## Work instruction
Print the lines in the listing below that fall between the line with "(* complex case: K = R[i] *)" and the line with "- by move=> x x_ge0; rewrite sqr_sqrtr.", those two lines included, exactly as they stand and with nothing else.

## Provided records
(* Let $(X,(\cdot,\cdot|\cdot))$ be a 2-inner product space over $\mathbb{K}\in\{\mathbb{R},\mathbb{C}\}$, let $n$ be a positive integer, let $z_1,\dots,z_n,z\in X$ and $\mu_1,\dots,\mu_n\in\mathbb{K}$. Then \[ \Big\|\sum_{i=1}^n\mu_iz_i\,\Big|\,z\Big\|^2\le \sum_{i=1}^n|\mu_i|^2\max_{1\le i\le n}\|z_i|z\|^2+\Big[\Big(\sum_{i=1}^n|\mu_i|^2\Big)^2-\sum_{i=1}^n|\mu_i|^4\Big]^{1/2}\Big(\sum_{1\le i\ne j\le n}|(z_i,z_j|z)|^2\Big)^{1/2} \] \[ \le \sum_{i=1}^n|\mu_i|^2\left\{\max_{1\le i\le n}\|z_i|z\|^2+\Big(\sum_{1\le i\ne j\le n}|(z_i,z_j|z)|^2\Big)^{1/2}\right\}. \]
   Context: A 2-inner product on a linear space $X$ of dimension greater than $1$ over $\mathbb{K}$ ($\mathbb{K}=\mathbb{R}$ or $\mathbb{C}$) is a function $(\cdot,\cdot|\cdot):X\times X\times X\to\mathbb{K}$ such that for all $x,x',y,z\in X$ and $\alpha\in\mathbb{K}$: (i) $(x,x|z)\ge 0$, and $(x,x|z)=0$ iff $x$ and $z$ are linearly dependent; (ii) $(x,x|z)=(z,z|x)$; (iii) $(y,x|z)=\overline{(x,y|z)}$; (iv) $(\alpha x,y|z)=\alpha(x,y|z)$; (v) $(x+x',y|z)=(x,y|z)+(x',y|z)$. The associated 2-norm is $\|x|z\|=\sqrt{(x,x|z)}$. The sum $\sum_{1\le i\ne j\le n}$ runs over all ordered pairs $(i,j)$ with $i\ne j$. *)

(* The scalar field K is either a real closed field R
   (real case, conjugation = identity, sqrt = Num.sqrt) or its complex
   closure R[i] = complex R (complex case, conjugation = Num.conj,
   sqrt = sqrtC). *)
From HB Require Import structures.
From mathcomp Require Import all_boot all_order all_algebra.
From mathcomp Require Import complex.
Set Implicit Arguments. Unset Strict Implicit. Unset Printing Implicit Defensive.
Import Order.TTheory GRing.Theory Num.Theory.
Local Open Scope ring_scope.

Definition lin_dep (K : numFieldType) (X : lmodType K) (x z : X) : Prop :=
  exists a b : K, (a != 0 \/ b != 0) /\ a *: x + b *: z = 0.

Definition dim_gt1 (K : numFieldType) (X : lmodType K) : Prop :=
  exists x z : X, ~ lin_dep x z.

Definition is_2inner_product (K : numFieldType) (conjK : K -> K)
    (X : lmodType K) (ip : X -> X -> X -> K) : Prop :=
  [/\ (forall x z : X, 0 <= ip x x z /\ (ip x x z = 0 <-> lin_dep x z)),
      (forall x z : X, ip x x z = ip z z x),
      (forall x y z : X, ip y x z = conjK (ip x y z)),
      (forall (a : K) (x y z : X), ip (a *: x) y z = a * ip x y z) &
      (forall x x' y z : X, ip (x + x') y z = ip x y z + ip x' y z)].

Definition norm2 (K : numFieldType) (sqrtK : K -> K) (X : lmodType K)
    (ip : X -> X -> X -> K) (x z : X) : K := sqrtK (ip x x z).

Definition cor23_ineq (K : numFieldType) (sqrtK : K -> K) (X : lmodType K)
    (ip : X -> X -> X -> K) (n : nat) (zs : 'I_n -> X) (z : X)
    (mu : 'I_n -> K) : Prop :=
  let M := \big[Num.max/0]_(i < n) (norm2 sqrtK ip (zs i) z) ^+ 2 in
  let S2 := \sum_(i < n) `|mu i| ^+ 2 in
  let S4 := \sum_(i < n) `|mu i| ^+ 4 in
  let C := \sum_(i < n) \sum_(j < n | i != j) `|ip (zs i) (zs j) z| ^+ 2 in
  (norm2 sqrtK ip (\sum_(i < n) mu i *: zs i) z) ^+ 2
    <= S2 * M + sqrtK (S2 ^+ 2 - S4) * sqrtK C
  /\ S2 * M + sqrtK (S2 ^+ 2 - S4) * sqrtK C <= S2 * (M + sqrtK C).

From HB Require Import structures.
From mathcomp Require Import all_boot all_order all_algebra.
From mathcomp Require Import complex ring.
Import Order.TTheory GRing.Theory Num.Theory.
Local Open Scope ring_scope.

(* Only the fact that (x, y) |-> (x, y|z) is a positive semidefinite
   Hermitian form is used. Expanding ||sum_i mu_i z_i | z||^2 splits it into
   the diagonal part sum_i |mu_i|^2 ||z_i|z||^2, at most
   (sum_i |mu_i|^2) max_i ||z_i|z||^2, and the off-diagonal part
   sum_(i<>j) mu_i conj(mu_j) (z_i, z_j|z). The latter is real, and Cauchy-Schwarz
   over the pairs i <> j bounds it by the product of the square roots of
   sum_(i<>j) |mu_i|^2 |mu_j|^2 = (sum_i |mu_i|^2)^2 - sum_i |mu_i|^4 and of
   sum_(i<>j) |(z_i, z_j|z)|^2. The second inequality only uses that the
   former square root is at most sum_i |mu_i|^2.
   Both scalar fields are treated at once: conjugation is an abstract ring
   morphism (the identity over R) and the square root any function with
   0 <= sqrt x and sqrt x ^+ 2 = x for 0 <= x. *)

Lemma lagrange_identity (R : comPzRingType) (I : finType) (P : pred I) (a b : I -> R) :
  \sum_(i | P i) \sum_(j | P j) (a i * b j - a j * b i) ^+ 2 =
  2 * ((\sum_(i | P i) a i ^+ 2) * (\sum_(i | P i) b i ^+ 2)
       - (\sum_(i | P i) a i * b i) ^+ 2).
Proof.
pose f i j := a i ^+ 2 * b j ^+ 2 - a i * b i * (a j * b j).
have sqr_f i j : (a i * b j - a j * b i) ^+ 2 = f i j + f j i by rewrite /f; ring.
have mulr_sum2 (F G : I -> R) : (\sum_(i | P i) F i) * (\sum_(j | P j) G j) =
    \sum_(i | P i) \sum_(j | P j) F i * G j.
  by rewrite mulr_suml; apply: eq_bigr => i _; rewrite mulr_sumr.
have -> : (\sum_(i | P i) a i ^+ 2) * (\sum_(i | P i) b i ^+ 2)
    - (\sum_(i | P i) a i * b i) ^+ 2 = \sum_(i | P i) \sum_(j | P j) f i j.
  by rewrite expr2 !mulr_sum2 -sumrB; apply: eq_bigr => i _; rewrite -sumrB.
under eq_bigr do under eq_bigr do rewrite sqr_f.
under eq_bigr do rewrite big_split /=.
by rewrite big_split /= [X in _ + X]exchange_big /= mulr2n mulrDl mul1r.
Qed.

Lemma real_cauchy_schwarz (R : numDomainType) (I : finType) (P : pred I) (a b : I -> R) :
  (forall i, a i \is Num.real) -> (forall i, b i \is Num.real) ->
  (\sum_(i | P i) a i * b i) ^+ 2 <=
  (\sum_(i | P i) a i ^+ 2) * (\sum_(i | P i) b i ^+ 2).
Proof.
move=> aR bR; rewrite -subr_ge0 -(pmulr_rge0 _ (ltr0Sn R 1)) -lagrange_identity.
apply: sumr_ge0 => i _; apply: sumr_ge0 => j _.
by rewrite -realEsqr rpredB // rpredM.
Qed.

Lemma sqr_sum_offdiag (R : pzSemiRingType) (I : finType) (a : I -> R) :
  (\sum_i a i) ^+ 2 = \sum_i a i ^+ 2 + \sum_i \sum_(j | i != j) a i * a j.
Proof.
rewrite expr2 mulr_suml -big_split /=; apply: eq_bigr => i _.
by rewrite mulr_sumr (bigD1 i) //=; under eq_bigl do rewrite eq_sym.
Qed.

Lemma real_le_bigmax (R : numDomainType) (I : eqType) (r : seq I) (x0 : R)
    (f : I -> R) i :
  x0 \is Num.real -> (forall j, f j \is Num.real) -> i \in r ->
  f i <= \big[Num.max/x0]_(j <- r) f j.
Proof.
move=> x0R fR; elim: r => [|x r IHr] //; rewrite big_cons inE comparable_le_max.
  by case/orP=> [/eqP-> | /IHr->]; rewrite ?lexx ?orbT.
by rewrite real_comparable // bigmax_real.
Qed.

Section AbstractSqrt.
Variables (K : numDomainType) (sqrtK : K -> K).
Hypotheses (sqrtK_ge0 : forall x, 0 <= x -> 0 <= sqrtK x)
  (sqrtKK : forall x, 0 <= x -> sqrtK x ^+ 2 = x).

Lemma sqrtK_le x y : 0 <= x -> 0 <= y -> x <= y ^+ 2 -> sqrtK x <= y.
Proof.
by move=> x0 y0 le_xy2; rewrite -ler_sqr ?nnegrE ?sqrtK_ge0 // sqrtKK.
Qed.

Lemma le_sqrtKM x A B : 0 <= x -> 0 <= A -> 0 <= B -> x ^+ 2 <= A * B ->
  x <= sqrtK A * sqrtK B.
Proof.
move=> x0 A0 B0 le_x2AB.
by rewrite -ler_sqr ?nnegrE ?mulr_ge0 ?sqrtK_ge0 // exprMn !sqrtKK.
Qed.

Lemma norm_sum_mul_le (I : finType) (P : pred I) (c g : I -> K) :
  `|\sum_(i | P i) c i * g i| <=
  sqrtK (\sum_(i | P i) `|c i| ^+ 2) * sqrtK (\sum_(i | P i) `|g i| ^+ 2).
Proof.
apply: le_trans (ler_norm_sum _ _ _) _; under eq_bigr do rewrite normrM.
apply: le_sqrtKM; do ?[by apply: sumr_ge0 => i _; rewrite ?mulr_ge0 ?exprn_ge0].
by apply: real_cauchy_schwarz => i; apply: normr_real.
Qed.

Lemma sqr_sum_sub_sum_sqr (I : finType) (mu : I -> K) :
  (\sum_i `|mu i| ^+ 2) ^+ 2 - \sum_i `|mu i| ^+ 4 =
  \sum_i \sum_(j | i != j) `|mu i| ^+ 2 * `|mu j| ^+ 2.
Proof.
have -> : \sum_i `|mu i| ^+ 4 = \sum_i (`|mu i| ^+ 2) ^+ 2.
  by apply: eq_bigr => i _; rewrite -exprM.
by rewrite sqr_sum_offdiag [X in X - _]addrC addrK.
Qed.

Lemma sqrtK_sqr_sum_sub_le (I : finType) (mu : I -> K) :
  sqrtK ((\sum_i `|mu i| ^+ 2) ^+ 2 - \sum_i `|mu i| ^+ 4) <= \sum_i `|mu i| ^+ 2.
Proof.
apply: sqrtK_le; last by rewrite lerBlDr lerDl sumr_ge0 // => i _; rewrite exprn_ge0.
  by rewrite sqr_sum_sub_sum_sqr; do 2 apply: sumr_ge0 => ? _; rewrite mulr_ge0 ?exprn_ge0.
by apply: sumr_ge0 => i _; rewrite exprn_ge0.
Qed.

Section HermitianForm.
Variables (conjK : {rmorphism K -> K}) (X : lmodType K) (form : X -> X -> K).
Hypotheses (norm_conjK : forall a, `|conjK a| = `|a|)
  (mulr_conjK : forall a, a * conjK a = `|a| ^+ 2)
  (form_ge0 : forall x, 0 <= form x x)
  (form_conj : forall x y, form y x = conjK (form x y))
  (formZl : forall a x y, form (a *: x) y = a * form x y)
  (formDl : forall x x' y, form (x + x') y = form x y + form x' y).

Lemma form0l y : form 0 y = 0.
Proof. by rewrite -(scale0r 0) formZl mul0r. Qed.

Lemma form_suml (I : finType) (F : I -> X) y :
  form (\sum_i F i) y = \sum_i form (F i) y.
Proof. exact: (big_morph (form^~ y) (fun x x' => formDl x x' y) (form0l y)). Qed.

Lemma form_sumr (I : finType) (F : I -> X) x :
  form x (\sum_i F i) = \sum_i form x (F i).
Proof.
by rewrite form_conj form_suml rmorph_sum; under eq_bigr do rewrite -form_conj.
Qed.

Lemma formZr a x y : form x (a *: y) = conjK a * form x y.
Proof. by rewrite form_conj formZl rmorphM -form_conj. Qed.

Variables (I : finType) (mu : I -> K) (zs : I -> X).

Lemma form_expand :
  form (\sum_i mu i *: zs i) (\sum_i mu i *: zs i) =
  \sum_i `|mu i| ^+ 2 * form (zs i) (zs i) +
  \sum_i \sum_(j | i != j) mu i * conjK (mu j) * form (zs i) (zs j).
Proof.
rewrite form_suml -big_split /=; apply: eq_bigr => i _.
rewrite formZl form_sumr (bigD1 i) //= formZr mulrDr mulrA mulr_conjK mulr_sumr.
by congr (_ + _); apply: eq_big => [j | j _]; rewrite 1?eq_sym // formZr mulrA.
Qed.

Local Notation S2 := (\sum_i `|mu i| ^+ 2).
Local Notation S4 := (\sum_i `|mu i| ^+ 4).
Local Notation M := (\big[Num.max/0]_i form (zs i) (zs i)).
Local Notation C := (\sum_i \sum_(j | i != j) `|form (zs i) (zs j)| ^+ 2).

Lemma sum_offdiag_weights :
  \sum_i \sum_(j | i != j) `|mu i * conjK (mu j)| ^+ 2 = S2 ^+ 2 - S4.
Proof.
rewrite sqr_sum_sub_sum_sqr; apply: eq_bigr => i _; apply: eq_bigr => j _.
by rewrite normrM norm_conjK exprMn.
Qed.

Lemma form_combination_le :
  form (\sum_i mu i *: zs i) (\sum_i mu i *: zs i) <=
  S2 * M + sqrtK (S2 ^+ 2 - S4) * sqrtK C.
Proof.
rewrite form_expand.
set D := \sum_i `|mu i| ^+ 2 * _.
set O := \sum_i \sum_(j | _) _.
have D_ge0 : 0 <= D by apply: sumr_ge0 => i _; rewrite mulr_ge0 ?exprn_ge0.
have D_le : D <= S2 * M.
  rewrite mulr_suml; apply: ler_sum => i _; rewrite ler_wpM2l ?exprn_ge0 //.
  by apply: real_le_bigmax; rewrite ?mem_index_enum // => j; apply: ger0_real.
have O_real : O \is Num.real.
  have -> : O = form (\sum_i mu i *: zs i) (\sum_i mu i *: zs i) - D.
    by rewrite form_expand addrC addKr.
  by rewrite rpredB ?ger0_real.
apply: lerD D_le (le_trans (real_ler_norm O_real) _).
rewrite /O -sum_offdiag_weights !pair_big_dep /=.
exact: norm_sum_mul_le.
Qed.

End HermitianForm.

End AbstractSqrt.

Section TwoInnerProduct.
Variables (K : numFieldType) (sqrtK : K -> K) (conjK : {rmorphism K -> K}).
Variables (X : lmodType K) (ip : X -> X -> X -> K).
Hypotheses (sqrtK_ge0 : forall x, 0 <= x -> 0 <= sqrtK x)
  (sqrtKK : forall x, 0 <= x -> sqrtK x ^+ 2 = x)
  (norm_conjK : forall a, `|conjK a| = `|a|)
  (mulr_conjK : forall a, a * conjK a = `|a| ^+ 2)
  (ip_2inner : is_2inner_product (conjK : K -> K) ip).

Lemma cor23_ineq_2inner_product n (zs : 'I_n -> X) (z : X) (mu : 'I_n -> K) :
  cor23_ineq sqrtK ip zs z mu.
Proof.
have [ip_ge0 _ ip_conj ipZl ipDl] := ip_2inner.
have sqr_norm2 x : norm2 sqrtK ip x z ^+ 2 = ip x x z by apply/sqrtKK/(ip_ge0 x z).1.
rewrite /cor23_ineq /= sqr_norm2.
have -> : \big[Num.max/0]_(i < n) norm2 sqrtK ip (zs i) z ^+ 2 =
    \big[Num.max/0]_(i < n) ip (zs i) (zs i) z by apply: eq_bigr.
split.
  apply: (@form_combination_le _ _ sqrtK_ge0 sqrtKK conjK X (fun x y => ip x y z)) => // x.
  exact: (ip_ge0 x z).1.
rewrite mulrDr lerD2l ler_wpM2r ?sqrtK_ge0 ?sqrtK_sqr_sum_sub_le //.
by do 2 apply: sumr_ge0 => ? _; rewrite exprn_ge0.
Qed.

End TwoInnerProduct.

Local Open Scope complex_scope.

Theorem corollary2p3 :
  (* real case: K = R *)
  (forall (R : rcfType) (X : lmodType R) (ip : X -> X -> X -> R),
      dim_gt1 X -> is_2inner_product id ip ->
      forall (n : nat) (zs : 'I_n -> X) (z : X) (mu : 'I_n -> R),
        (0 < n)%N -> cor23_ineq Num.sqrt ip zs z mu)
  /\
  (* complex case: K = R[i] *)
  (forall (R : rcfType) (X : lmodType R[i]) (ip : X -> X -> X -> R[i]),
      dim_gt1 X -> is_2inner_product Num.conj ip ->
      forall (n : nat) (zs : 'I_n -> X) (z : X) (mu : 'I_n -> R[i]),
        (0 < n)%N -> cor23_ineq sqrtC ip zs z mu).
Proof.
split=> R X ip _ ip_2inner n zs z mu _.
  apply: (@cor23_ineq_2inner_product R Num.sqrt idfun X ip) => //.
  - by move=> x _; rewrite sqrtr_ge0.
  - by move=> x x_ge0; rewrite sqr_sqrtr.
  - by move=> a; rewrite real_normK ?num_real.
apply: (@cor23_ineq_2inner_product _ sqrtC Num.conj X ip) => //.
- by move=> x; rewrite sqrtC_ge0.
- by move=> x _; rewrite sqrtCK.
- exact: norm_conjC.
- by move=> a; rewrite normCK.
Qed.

## Solution below
  (* complex case: K = R[i] *)
  (forall (R : rcfType) (X : lmodType R[i]) (ip : X -> X -> X -> R[i]),
      dim_gt1 X -> is_2inner_product Num.conj ip ->
      forall (n : nat) (zs : 'I_n -> X) (z : X) (mu : 'I_n -> R[i]),
        (0 < n)%N -> cor23_ineq sqrtC ip zs z mu).
Proof.
split=> R X ip _ ip_2inner n zs z mu _.
  apply: (@cor23_ineq_2inner_product R Num.sqrt idfun X ip) => //.
  - by move=> x _; rewrite sqrtr_ge0.
  - by move=> x x_ge0; rewrite sqr_sqrtr.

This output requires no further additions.